» **EXERCISE PROMPT**: Only the lines below from the one containing "hence vanishes identically" to the one containing "Proof. by move=> cf cg x; exact: (@continuousM" should be repeated, both included and unchanged.

Dataset entries
........

(* Let $\mathcal{M}$ be an orientable, compact, boundaryless, connected Riemannian manifold with volume form $dV$, and let $\mu:\mathcal{M}\to\mathbb{R}_{>0}$ be a continuous probability density. Let $\epsilon>0$ satisfy $\epsilon<\min_{x\in\mathcal{M}}\mu(x)$ and let $\lambda\ge 1$. For a continuous function $\bar\mu:\mathcal{M}\to\mathbb{R}$ with $\int_{\mathcal{M}}\bar\mu\,dV=1$, define $\bar\mu_+(x)=\max\{\epsilon,\bar\mu(x)\}$, $\bar\mu_-(x)=\epsilon-\min\{\epsilon,\bar\mu(x)\}$, and $$\ell(\bar\mu) = -\mathbb{E}_{x\sim\mu}\log\bar\mu_+(x) + \lambda\int_{\mathcal{M}}\bar\mu_-\,dV.$$ Then, over the set of continuous functions $\bar\mu$ on $\mathcal{M}$ with $\int_{\mathcal{M}}\bar\mu\,dV=1$, the function $\bar\mu=\mu$ is a minimizer of $\ell$, and it is the unique minimizer.
   Context: $\mathbb{E}_{x\sim\mu}f(x)=\int_{\mathcal{M}} f\mu\,dV$. Note $\bar\mu_+,\bar\mu_-\ge 0$ and $\bar\mu=\bar\mu_+-\bar\mu_-$. (In the paper $\bar\mu$ is of the form $\nu-\operatorname{div}(u)$, which automatically has integral one.) *)

From HB Require Import structures.
From mathcomp Require Import all_boot all_order all_algebra.
From mathcomp Require Import all_classical all_reals all_analysis.
Set Implicit Arguments. Unset Strict Implicit. Unset Printing Implicit Defensive.
Import Order.TTheory GRing.Theory Num.Theory numFieldNormedType.Exports.
Local Open Scope classical_set_scope.
Local Open Scope ring_scope.

Definition borelT (T : ptopologicalType) := g_sigma_algebraType (@open T).

Section defs.
Context {R : realType} {T : ptopologicalType}.

Definition mu_plus (eps : R) (mb : T -> R) (x : T) : R := Num.max eps (mb x).
Definition mu_minus (eps : R) (mb : T -> R) (x : T) : R := eps - Num.min eps (mb x).

Definition expect (vol : {measure set (borelT T) -> \bar R}) (mu f : T -> R) : R :=
  Rintegral vol setT (fun x : borelT T => f x * mu x).

Definition ell (vol : {measure set (borelT T) -> \bar R}) (mu : T -> R)
  (eps lam : R) (mb : T -> R) : R :=
  - expect vol mu (fun x => ln (mu_plus eps mb x))
  + lam * Rintegral vol setT (fun x : borelT T => mu_minus eps mb x).
End defs.

From HB Require Import structures.
From mathcomp Require Import all_boot all_order all_algebra.
From mathcomp Require Import all_classical all_reals all_analysis.
From mathcomp Require Import ring lra.
Import Order.TTheory GRing.Theory Num.Theory numFieldNormedType.Exports.
Local Open Scope classical_set_scope.
Local Open Scope ring_scope.

(* Write  f = mb_+ = mb + mb_-  (so that  \int f = 1 + \int mb_-
   when \int mb = 1) and, pointwise,
     gibbs_gap m f := f - m - m (ln f - ln m) = m (e^t - 1 - t),  t = ln (f/m),
   which is >= 0 and vanishes only for f = m.  Since  mu > eps, one has
   mu_+ = mu and mu_- = 0, and linearity of the integral gives
     ell mb - ell mu = \int gibbs_gap mu mb_+  +  (lam - 1) \int mb_-.
   Both terms are >= 0, so mu is a minimizer.  If ell mb <= ell mu, the
   continuous nonnegative integrand  gibbs_gap mu mb_+  has integral <= 0,
   hence vanishes identically because nonempty open sets have positive
   volume; thus max(eps, mb) = mu > eps everywhere, i.e. mb = mu. *)

(* Continuity of pointwise operations on real-valued functions, in the form
   used below (the generic library lemmas need the codomain made explicit). *)
Section RealFunctionContinuity.
Context {R : realType} {T : ptopologicalType}.
Implicit Types f g : T -> R.

Lemma continuousB_fun {f g} : continuous f -> continuous g ->
  continuous (fun x => f x - g x).
Proof. by move=> cf cg x; exact: (@continuousB R R^o T f g x (cf x) (cg x)). Qed.

Lemma continuousM_fun {f g} : continuous f -> continuous g ->
  continuous (fun x => f x * g x).
Proof. by move=> cf cg x; exact: (@continuousM R T f g x (cf x) (cg x)). Qed.

Lemma continuous_ln_fun {f} : continuous f -> (forall x, 0 < f x) ->
  continuous (fun x => ln (f x)).
Proof. by move=> cf fpos x; exact: (continuous_comp (cf x) (continuous_ln (fpos x))). Qed.

Lemma continuous_max_fun {f g} : continuous f -> continuous g ->
  continuous (fun x => Num.max (f x) (g x)).
Proof. by move=> cf cg x; exact: (@continuous_max R T f g x (cf x) (cg x)). Qed.

Lemma continuous_min_fun {f g} : continuous f -> continuous g ->
  continuous (fun x => Num.min (f x) (g x)).
Proof. by move=> cf cg x; exact: (@continuous_min R T f g x (cf x) (cg x)). Qed.

Lemma continuous_ln_mul {f g} : continuous f -> (forall x, 0 < f x) ->
  continuous g -> continuous (fun x => ln (f x) * g x).
Proof. by move=> cf fpos cg; apply: continuousM_fun => //; exact: continuous_ln_fun. Qed.

End RealFunctionContinuity.

Section ContinuousIntegration.
Context {R : realType} {T : ptopologicalType}.
Variable vol : {measure set (borelT T) -> \bar R}.

Local Notation integral f := (Rintegral vol [set: borelT T] f).

(* Continuous functions are Borel measurable: preimages of open intervals
   are open, and open intervals generate the Borel sets of R. *)
Lemma continuous_measurable_fun (h : T -> R) : continuous h ->
  measurable_fun [set: borelT T] (h : borelT T -> R).
Proof.
move=> ch; apply: (measurability _ (measurable_realfun.RGenOpens.measurableE R)).
move=> _ [_ [a [b ->] <-]]; rewrite setTI.
by apply: sub_sigma_algebra; move/continuousP: ch; apply; exact: interval_open.
Qed.

Hypothesis compactT : compact [set: T].
Hypothesis vol_fin : (vol [set: borelT T] < +oo)%E.

(* On a compact space of finite volume, continuous functions are bounded and
   measurable, hence integrable. *)
Lemma continuous_integrable {h : T -> R} : continuous h ->
  vol.-integrable [set: borelT T] (EFin \o (h : borelT T -> R)).
Proof.
move=> ch; apply: measurable_bounded_integrable => //.
  exact: continuous_measurable_fun.
have [M [Mreal hM]] :=
  compact_bounded (continuous_compact (continuous_subspaceT ch) compactT).
exists M; split => // N MN x _.
exact: (hM N MN (h x) (ex_intro2 _ _ x I erefl)).
Qed.

(* A nonnegative continuous h dominates  c  times the indicator of its
   (open) superlevel set  {h > c}. *)
Lemma integral_ge_superlevel (h : T -> R) (c : R) : continuous h ->
  (forall x, 0 <= h x) -> 0 <= c ->
  c * fine (vol (h @^-1` `]c, +oo[)) <= integral (fun x : borelT T => h x).
Proof.
move=> ch h0 c0; set U := h @^-1` `]c, +oo[.
have mU : measurable (U : set (borelT T)).
  by apply: sub_sigma_algebra; move/continuousP: ch; apply; exact: interval_open.
have indic_int : vol.-integrable [set: borelT T]
    (EFin \o (fun y : borelT T => (\1_U y : R))).
  apply: measurable_bounded_integrable => //.
    exact: measurable_realfun.measurable_indic.
  exists 1; split => // M M1 y _ /=; rewrite /indic.
  by case: (_ \in _); rewrite /= ?normr1 ?normr0 ltW // (lt_trans _ M1).
have -> : fine (vol U) = integral (fun y : borelT T => (\1_U y : R)).
  by rewrite /Rintegral integral_indic // setIT.
rewrite -RintegralZl //.
apply: le_Rintegral => //; last 1 first.
- move=> y _; rewrite indicE; have [/set_mem|_] := boolP (y \in U).
    by rewrite mulr1 /U /= in_itv /= andbT => /ltW.
  by rewrite mulr0 h0.
- apply: (eq_integrable measurableT _ _ _ (integrableZl measurableT c indic_int)).
  by move=> y _ /=; rewrite EFinM.
- exact: continuous_integrable.
Qed.

Hypothesis vol_supp : forall U : set T, open U -> U !=set0 -> (0 < vol U)%E.

Lemma continuous_nonneg_integral_le0 {h : T -> R} : continuous h ->
  (forall x, 0 <= h x) -> integral (fun x : borelT T => h x) <= 0 ->
  forall x, h x = 0.
Proof.
move=> ch h0 hle x; apply/eqP; rewrite eq_le h0 andbT leNgt; apply/negP => hx.
set c := h x / 2; have c0 : 0 < c by rewrite divr_gt0.
set U := h @^-1` `]c, +oo[.
have xU : U x by rewrite /U /= in_itv /= andbT /c ltr_pdivrMr // ltr_pMr // ltr1n.
have volU_pos : (0 < vol U)%E.
  by apply: vol_supp; [move/continuousP: ch; apply; exact: interval_open|exists x].
have volU_fin : (vol U < +oo)%E.
  apply: le_lt_trans vol_fin; apply: le_measure; rewrite ?inE //.
  by apply: sub_sigma_algebra; move/continuousP: ch; apply; exact: interval_open.
have := le_trans (@integral_ge_superlevel h c ch h0 (ltW c0)) hle.
by apply/negP; rewrite -ltNge mulr_gt0 // fine_gt0 // volU_pos volU_fin.
Qed.

End ContinuousIntegration.

(* The Gibbs gap  f - m - m (ln f - ln m) : the integrand of the excess loss,
   a pointwise form of the nonnegativity of relative entropy. *)
Definition gibbs_gap {R : realType} (m f : R) : R := f - m - m * (ln f - ln m).

Section GibbsGap.
Context {R : realType}.
Context {m f : R}.
Hypotheses (m_pos : 0 < m) (f_pos : 0 < f).

(* With  t = ln f - ln m  one has  f = m e^t, so the gap is  m (e^t - 1 - t). *)
Lemma gibbs_gapE :
  gibbs_gap m f = m * (expR (ln f - ln m) - (1 + (ln f - ln m))).
Proof.
have -> : expR (ln f - ln m) = f / m by rewrite expRB !lnK ?posrE.
rewrite /gibbs_gap; field; exact: lt0r_neq0.
Qed.

Lemma gibbs_gap_ge0 : 0 <= gibbs_gap m f.
Proof.
by rewrite gibbs_gapE; apply: mulr_ge0; [exact: ltW|rewrite subr_ge0 expR_ge1Dx].
Qed.

(* Equality in  e^t >= 1 + t  forces  t = 0, i.e.  f = m. *)
Lemma gibbs_gap_eq0 : gibbs_gap m f = 0 -> f = m.
Proof.
rewrite gibbs_gapE => /eqP; rewrite mulf_eq0 (gt_eqF m_pos) /= subr_eq0 => /eqP ht.
have [t0|t_neq0] := eqVneq (ln f - ln m) 0.
  by apply: ln_inj; rewrite ?posrE //; apply/eqP; rewrite -subr_eq0 t0.
by have := expR_gt1Dx t_neq0; rewrite ht ltxx.
Qed.

End GibbsGap.

Section Truncations.
Context {R : realType} {T : ptopologicalType} {eps : R}.
Implicit Types mb : T -> R.

Lemma mu_plus_gt0 : 0 < eps -> forall mb x, 0 < mu_plus eps mb x.
Proof. by move=> eps0 mb x; rewrite /mu_plus lt_max eps0. Qed.

Lemma mu_minus_ge0 mb x : 0 <= mu_minus eps mb x.
Proof. by rewrite /mu_minus subr_ge0 ge_min lexx. Qed.

Lemma mu_plusE mb x : mu_plus eps mb x = mb x + mu_minus eps mb x.
Proof. rewrite /mu_plus /mu_minus; case: lerP => _; lra. Qed.

Lemma mu_plus_above {mb x} : eps <= mb x -> mu_plus eps mb x = mb x.
Proof. by move=> h; rewrite /mu_plus max_r. Qed.

Lemma mu_minus_above {mb x} : eps <= mb x -> mu_minus eps mb x = 0.
Proof. by move=> h; rewrite /mu_minus min_l ?subrr. Qed.

Lemma continuous_mu_plus {mb} : continuous mb -> continuous (mu_plus eps mb).
Proof. by move=> cmb; apply: continuous_max_fun => //; exact: cst_continuous. Qed.

Lemma continuous_mu_minus {mb} : continuous mb -> continuous (mu_minus eps mb).
Proof.
move=> cmb; rewrite /mu_minus; apply: continuousB_fun; first exact: cst_continuous.
by apply: continuous_min_fun => //; exact: cst_continuous.
Qed.

End Truncations.

Section ExcessLoss.
Context {R : realType} {T : ptopologicalType}.
Variable vol : {measure set (borelT T) -> \bar R}.
Hypothesis compactT : compact [set: T].
Hypothesis vol_fin : (vol [set: borelT T] < +oo)%E.
Variables (mu : T -> R) (eps lam : R).
Hypotheses (mu_cont : continuous mu) (mu_int : Rintegral vol [set: borelT T] mu = 1).
Hypotheses (eps_pos : 0 < eps) (eps_lt_mu : forall x, eps < mu x).

Local Notation integral f := (Rintegral vol [set: borelT T] f).
Local Notation ell := (ell vol mu eps lam).

Let mu_pos x : 0 < mu x. Proof. exact: lt_trans eps_pos (eps_lt_mu x). Qed.

Let integrable {h} := @continuous_integrable R T vol compactT vol_fin h.

Lemma ell_at_density : ell mu = - integral (fun x => ln (mu x) * mu x).
Proof.
have above x : eps <= mu x by exact: ltW.
rewrite /ell /expect.
have -> : integral (fun x => mu_minus eps mu x) = 0.
  rewrite (@eq_Rintegral _ _ _ _ _ (fun=> 0)) ?Rintegral_cst ?mul0r //.
  by move=> x _; exact: mu_minus_above.
rewrite mulr0 addr0; congr (- _).
by apply: eq_Rintegral => x _; rewrite mu_plus_above.
Qed.

Lemma integral_gibbs_gap (mb : T -> R) : continuous mb ->
  integral (fun x => gibbs_gap (mu x) (mu_plus eps mb x)) =
  integral (fun x => mb x) + integral (mu_minus eps mb) - integral mu
  - (integral (fun x => ln (mu_plus eps mb x) * mu x)
     - integral (fun x => ln (mu x) * mu x)).
Proof.
move=> cmb; have cplus : continuous (mu_plus eps mb) := continuous_mu_plus cmb.
have cminus : continuous (mu_minus eps mb) := continuous_mu_minus cmb.
have cln_plus := continuous_ln_mul cplus (mu_plus_gt0 eps_pos mb) mu_cont.
have cln_mu := continuous_ln_mul mu_cont mu_pos mu_cont.
have csum : continuous (fun x => mb x + mu_minus eps mb x).
  by rewrite -(funext (mu_plusE mb)).
have -> : (fun x => gibbs_gap (mu x) (mu_plus eps mb x)) = (fun x =>
    (mb x + mu_minus eps mb x - mu x)
    - (ln (mu_plus eps mb x) * mu x - ln (mu x) * mu x)).
  by apply/funext => x; rewrite /gibbs_gap -mu_plusE; ring.
rewrite (RintegralB measurableT (integrable (continuousB_fun csum mu_cont))
  (integrable (continuousB_fun cln_plus cln_mu))).
rewrite (RintegralB measurableT (integrable csum) (integrable mu_cont)).
rewrite (RintegralB measurableT (integrable cln_plus) (integrable cln_mu)).
by rewrite (RintegralD measurableT (integrable cmb) (integrable cminus)).
Qed.

Lemma ell_excess (mb : T -> R) : continuous mb -> integral (fun x => mb x) = 1 ->
  ell mb - ell mu =
  integral (fun x => gibbs_gap (mu x) (mu_plus eps mb x))
  + (lam - 1) * integral (mu_minus eps mb).
Proof.
move=> cmb mb_int; rewrite integral_gibbs_gap // ell_at_density mb_int mu_int.
by rewrite /ell /expect; ring.
Qed.

Lemma integral_gibbs_gap_ge0 (mb : T -> R) :
  0 <= integral (fun x => gibbs_gap (mu x) (mu_plus eps mb x)).
Proof. by apply: Rintegral_ge0 => x _; exact/gibbs_gap_ge0/mu_plus_gt0. Qed.

Lemma continuous_gibbs_gap {mb : T -> R} : continuous mb ->
  continuous (fun x => gibbs_gap (mu x) (mu_plus eps mb x)).
Proof.
move=> cmb; have cplus : continuous (mu_plus eps mb) := continuous_mu_plus cmb.
apply: continuousB_fun; first exact: continuousB_fun.
apply: continuousM_fun => //; apply: continuousB_fun.
  exact: continuous_ln_fun (fun x => mu_plus_gt0 eps_pos mb x).
exact: continuous_ln_fun.
Qed.

Hypothesis vol_supp : forall U : set T, open U -> U !=set0 -> (0 < vol U)%E.

(* A competitor whose Gibbs gap has nonpositive integral is the density:
   the gap vanishes everywhere, so  max(eps, mb) = mu > eps. *)
Lemma vanishing_gap_density (mb : T -> R) : continuous mb ->
  integral (fun x => gibbs_gap (mu x) (mu_plus eps mb x)) <= 0 -> mb = mu.
Proof.
move=> cmb gap_le0; apply/funext => x.
have gap0 := continuous_nonneg_integral_le0 vol compactT vol_fin vol_supp
  (continuous_gibbs_gap cmb) (fun y => gibbs_gap_ge0 (mu_pos y) (mu_plus_gt0 eps_pos mb y))
  gap_le0 x.
have := gibbs_gap_eq0 (mu_pos x) (mu_plus_gt0 eps_pos mb x) gap0.
rewrite /mu_plus; case: lerP => // _ eps_eq.
by have := eps_lt_mu x; rewrite -eps_eq ltxx.
Qed.

End ExcessLoss.

Theorem theorem2 (R : realType) (T : ptopologicalType)
  (vol : {measure set (borelT T) -> \bar R})
  (hT_hausdorff : hausdorff_space T)
  (hT_compact : compact [set: T])
  (hT_connected : connected [set: T])
  (hvol_fin : (vol [set: borelT T] < +oo)%E)
  (hvol_supp : forall U : set T, open U -> U !=set0 -> (0 < vol U)%E)
  (mu : T -> R)
  (hmu_cont : continuous mu)
  (hmu_pos : forall x, 0 < mu x)
  (hmu_int : Rintegral vol [set: borelT T] (fun x : borelT T => mu x) = 1)
  (eps lam : R)
  (heps_pos : 0 < eps)
  (heps_lt : forall x, eps < mu x)
  (hlam : 1 <= lam) :
  (forall mb : T -> R, continuous mb ->
     Rintegral vol [set: borelT T] (fun x : borelT T => mb x) = 1 ->
     ell vol mu eps lam mu <= ell vol mu eps lam mb) /\
  (forall mb : T -> R, continuous mb ->
     Rintegral vol [set: borelT T] (fun x : borelT T => mb x) = 1 ->
     ell vol mu eps lam mb <= ell vol mu eps lam mu -> mb = mu).
Proof.
have excess := ell_excess vol hT_compact hvol_fin mu eps lam hmu_cont hmu_int
  heps_pos heps_lt.
have gap_ge0 := integral_gibbs_gap_ge0 vol mu eps heps_pos heps_lt.
have penalty_ge0 mb : 0 <= (lam - 1) * Rintegral vol [set: borelT T] (mu_minus eps mb).
  by rewrite mulr_ge0 ?subr_ge0 //; apply: Rintegral_ge0 => x _; exact: mu_minus_ge0.
split=> [mb cmb mb_int | mb cmb mb_int ell_le].
  by rewrite -subr_ge0 excess // addr_ge0.
apply: (vanishing_gap_density vol hT_compact hvol_fin mu eps hmu_cont heps_pos
  heps_lt hvol_supp mb cmb).
by move: ell_le (excess mb cmb mb_int) (penalty_ge0 mb); lra.
Qed.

........

» **TASK OUTPUT**:
   hence vanishes identically because nonempty open sets have positive
   volume; thus max(eps, mb) = mu > eps everywhere, i.e. mb = mu. *)

(* Continuity of pointwise operations on real-valued functions, in the form
   used below (the generic library lemmas need the codomain made explicit). *)
Section RealFunctionContinuity.
Context {R : realType} {T : ptopologicalType}.
Implicit Types f g : T -> R.

Lemma continuousB_fun {f g} : continuous f -> continuous g ->
  continuous (fun x => f x - g x).
Proof. by move=> cf cg x; exact: (@continuousB R R^o T f g x (cf x) (cg x)). Qed.

Lemma continuousM_fun {f g} : continuous f -> continuous g ->
  continuous (fun x => f x * g x).
Proof. by move=> cf cg x; exact: (@continuousM R T f g x (cf x) (cg x)). Qed.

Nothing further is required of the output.